Clinical Practice Evidence for Perampanel in Epilepsy Patients with Tumor Etiology
Abstract number :
3.211
Submission category :
4. Clinical Epilepsy / 4C. Clinical Treatments
Year :
2021
Submission ID :
1825926
Source :
www.aesnet.org
Presentation date :
12/6/2021 12:00:00 PM
Published date :
Nov 22, 2021, 06:51 AM
Authors :
Antonietta Coppola, MD - Epilepsy Centre, Department of Neuroscience, Odontostomatological and Reproductive sciences, Federico II University of Naples, Naples, Italy; Shuichi Izumoto - Department of Neurosurgery, Kindai University, Osaka-Sayama, Japan; Xiana Rodriguez-Osorio - Department of Neurology, Complexo Hospitalario Universitario de Santiago, Santiago, Spain; Tony Wu - Chang Gung Memorial Hospital Linkou Medical Center and Chang Gung University College of Medicine, Taoyuan, Taiwan; Wendyl D'Souza - Department of Medicine, St Vincent's Hospital Melbourne, The University of Melbourne, Victoria, Australia; Marta Maschio - Center for Brain Tumor-Related Epilepsy, UOSD Neuro-Oncology, I.R.C.C.S. Regina Elena National Cancer Institute, Rome, Italy; Samantha Goldman - Eisai Europe Ltd, Hatfield, Hertfordshire, UK; Mariana Valente Fernandes - Instituto Português de Oncologia de Lisboa, Lisbon, Portugal; Vicente Villanueva - Refractory Epilepsy Unit, Hospital Universitario y Politécnico La Fe, Valencia, Spain
Rationale: Patients with epilepsy with tumor etiology are typically excluded from epilepsy clinical trials. Real-world evidence from clinical practice studies is therefore required in order to inform treatment decisions in this patient group. Perampanel (PER) is a once-daily oral anti-seizure medication for focal-onset seizures, with or without focal to bilateral tonic-clonic seizures, and generalized tonic-clonic seizures. The purpose of this study was to assess the real-world effectiveness, safety and tolerability of PER when used in everyday clinical practice to treat patients with epilepsy with tumor etiology.
Methods: Patients with epilepsy with tumor etiology were identified from a pooled analysis of 44 prospective, retrospective and cross-sectional clinical practice studies/work groups. Retention was assessed after 3, 6 and 12 months of PER treatment.
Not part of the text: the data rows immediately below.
Lemma unitmx_perm_nz g : g \in unitmx -> exists s : 'S_n, forall i, g i (s i) != 0.
Proof.
rewrite unitmxE unitfE => det_nz.
have [/existsP[s /forallP gs]|/existsPn no_s] :=
  boolP [exists s : 'S_n, [forall i, g i (s i) != 0]]; first by exists s.
case/eqP: det_nz; apply: big1 => s _.
have /existsP[i /negPn/eqP gi0] : [exists i, ~~ (g i (s i) != 0)].
  by rewrite -negb_forall no_s.
by rewrite (bigD1 i) //= gi0 mul0r mulr0.
Qed.

Lemma unitmx_col_nz g j : g \in unitmx -> exists i, g i j != 0.
Proof.
by case/unitmx_perm_nz=> s gs; exists (s^-1 j)%g; have := gs (s^-1 j)%g; rewrite permKV.
Qed.

Lemma unitmx_row_nz g i : g \in unitmx -> exists j, g i j != 0.
Proof. by case/unitmx_perm_nz=> s gs; exists (s i). Qed.

Lemma unitmx_row_scale_neq g c d l :
  g \in unitmx -> c != d -> row d g != l *: row c g.
Proof.
move=> gU cd; apply/eqP => rowd.
have : 'e_d - l *: 'e_c = 0 :> 'rV[k]_n.
  by rewrite -(mulmxK gU ('e_d - _)) mulmxBl -scalemxAl -!rowE rowd subrr mul0mx.
by move/rowP/(_ d); rewrite !mxE !eqxx eq_sym (negbTE cd) mulr0 subr0 => /eqP; rewrite oner_eq0.
Qed.

Definition fun_mx (f : 'I_n -> 'I_n) : 'M[k]_n := \matrix_(a, b) (a == f b)%:R.

Lemma unitmx_fun_mx f : injective f -> fun_mx f \in unitmx.
Proof.
move=> f_inj; have -> : fun_mx f = (perm_mx (perm f_inj))^T.
  by apply/matrixP => a b; rewrite !mxE permE eq_sym.
by rewrite unitmx_tr unitmx_perm.
Qed.

Lemma fun_mx_delta f i j :
  fun_mx f *m delta_mx i j *m (fun_mx f)^T = delta_mx (f i) (f j).
Proof.
apply/matrixP => x y; rewrite mul_delta_mxE !mxE.
by case: (x == f i); case: (y == f j); rewrite ?mulr1 ?mulr0.
Qed.

Definition diag_set S : 'M[k]_n := diag_mx (\row_i (i \in S)%:R).

Lemma mulmx_diag_setE A S a b : (A *m diag_set S) a b = A a b * (b \in S)%:R.
Proof. by rewrite mul_mx_diag !mxE. Qed.

Lemma diag_set_mulmxE S A a b : (diag_set S *m A) a b = (a \in S)%:R * A a b.
Proof. by rewrite mul_diag_mx !mxE. Qed.

Lemma diag_set0 : diag_set set0 = 0.
Proof.
by rewrite /diag_set -(raddf0 (@diag_mx k n)); congr diag_mx; apply/rowP => i; rewrite !mxE inE.
Qed.

Lemma diag_setT : diag_set setT = 1%:M.
Proof. by rewrite -diag_const_mx; congr diag_mx; apply/rowP => i; rewrite !mxE inE. Qed.

Lemma diag_setU S T : [disjoint S & T] -> diag_set S + diag_set T = diag_set (S :|: T).
Proof.
move=> dST; rewrite /diag_set -raddfD /=; congr diag_mx; apply/rowP => i; rewrite !mxE inE.
by case: (boolP (i \in S)) => iS; rewrite ?(disjointFr dST iS) ?add0r ?addr0.
Qed.

Lemma diag_setC S : diag_set S + diag_set (~: S) = 1%:M.
Proof. by rewrite diag_setU ?setUCr ?diag_setT // disjoints_subset setCK. Qed.

Lemma mul_one_add_mx X D E : D *m X *m E = 0 ->
  (1%:M + X *m D) *m (1%:M + X *m E) = 1%:M + X *m (D + E).
Proof.
move=> DXE; have XDXE : X *m D *m (X *m E) = 0 by rewrite -mulmxA (mulmxA D) DXE mulmx0.
by rewrite mulmxDl !mulmxDr !mul1mx mulmx1 XDXE addr0 addrAC addrA.
Qed.

End MatrixFacts.

Arguments fun_mx {k n} f.
Arguments diag_set {k n} S.

Lemma map_const_in (T : eqType) U (f : T -> U) (s : seq T) c :
  {in s, forall x, f x = c} -> map f s = nseq (size s) c.
Proof.
elim: s => //= x s IH fc; rewrite fc ?mem_head // IH // => y ys.
by rewrite fc // inE ys orbT.
Qed.

Section Blocks.
Variables (k : fieldType) (n : nat) (q : 'M[k]_n).
Hypothesis qP : qparam q.
Implicit Types (g h : 'M[k]_n) (s t : {perm {set 'I_n}}) (B C : {set 'I_n}).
Effectiveness assessments comprised responder rate (≥ 50% seizure frequency reduction), seizure freedom rate (no seizures since at least the prior visit), and the proportions of patients with unchanged or worsening seizure frequency. Safety and tolerability were assessed by evaluating adverse events (AEs), psychiatric AEs, and AEs leading to discontinuation.
Results: A total of 127 patients with focal-onset and/or generalized-onset seizures with tumor etiology were identified (mean age, 46.6 years; 54.8% male; mean duration of epilepsy, 9.7 years). Seizure types at baseline were focal-onset only (97.6%), generalized-onset only (1.6%), and focal-onset and generalized-onset (0.8%). Mean (standard deviation) PER doses at baseline and last visit were 2.6 (1.4) and 5.8 (2.5) mg/day, respectively. Retention was assessed for 125 patients; effectiveness for 120 patients; safety and tolerability for 116 patients. At 3, 6 and 12 months, retention rates were 88.0% (110/125), 79.5% (97/122) and 65.3% (62/95), respectively. Reasons for discontinuation included AEs (16.8%) and lack of efficacy (5.3%). Mean (95% confidence interval) time under PER treatment was 11.0 (10.2–12.0) months. At the last visit (last observation carried forward), responder and seizure freedom rates were 66.9% and 34.2%, respectively, and the percentages of patients with unchanged or worsening seizure frequency were 15.3% and 6.8%, respectively (Figure). AEs were reported for 36.2% (42/116) of patients; the most frequently reported AEs were dizziness/vertigo (13.8%) and somnolence (9.5%) (Table). AEs led to discontinuation of 16.8% (16/95) of patients over 12 months and 13.0% (15/115) of patients experienced psychiatric AEs.
Conclusions: PER was effective and generally well tolerated when used to treat patients with epilepsy with tumor etiology in clinical practice.
Funding: Please list any funding that was received in support of this abstract.: Supported by Eisai.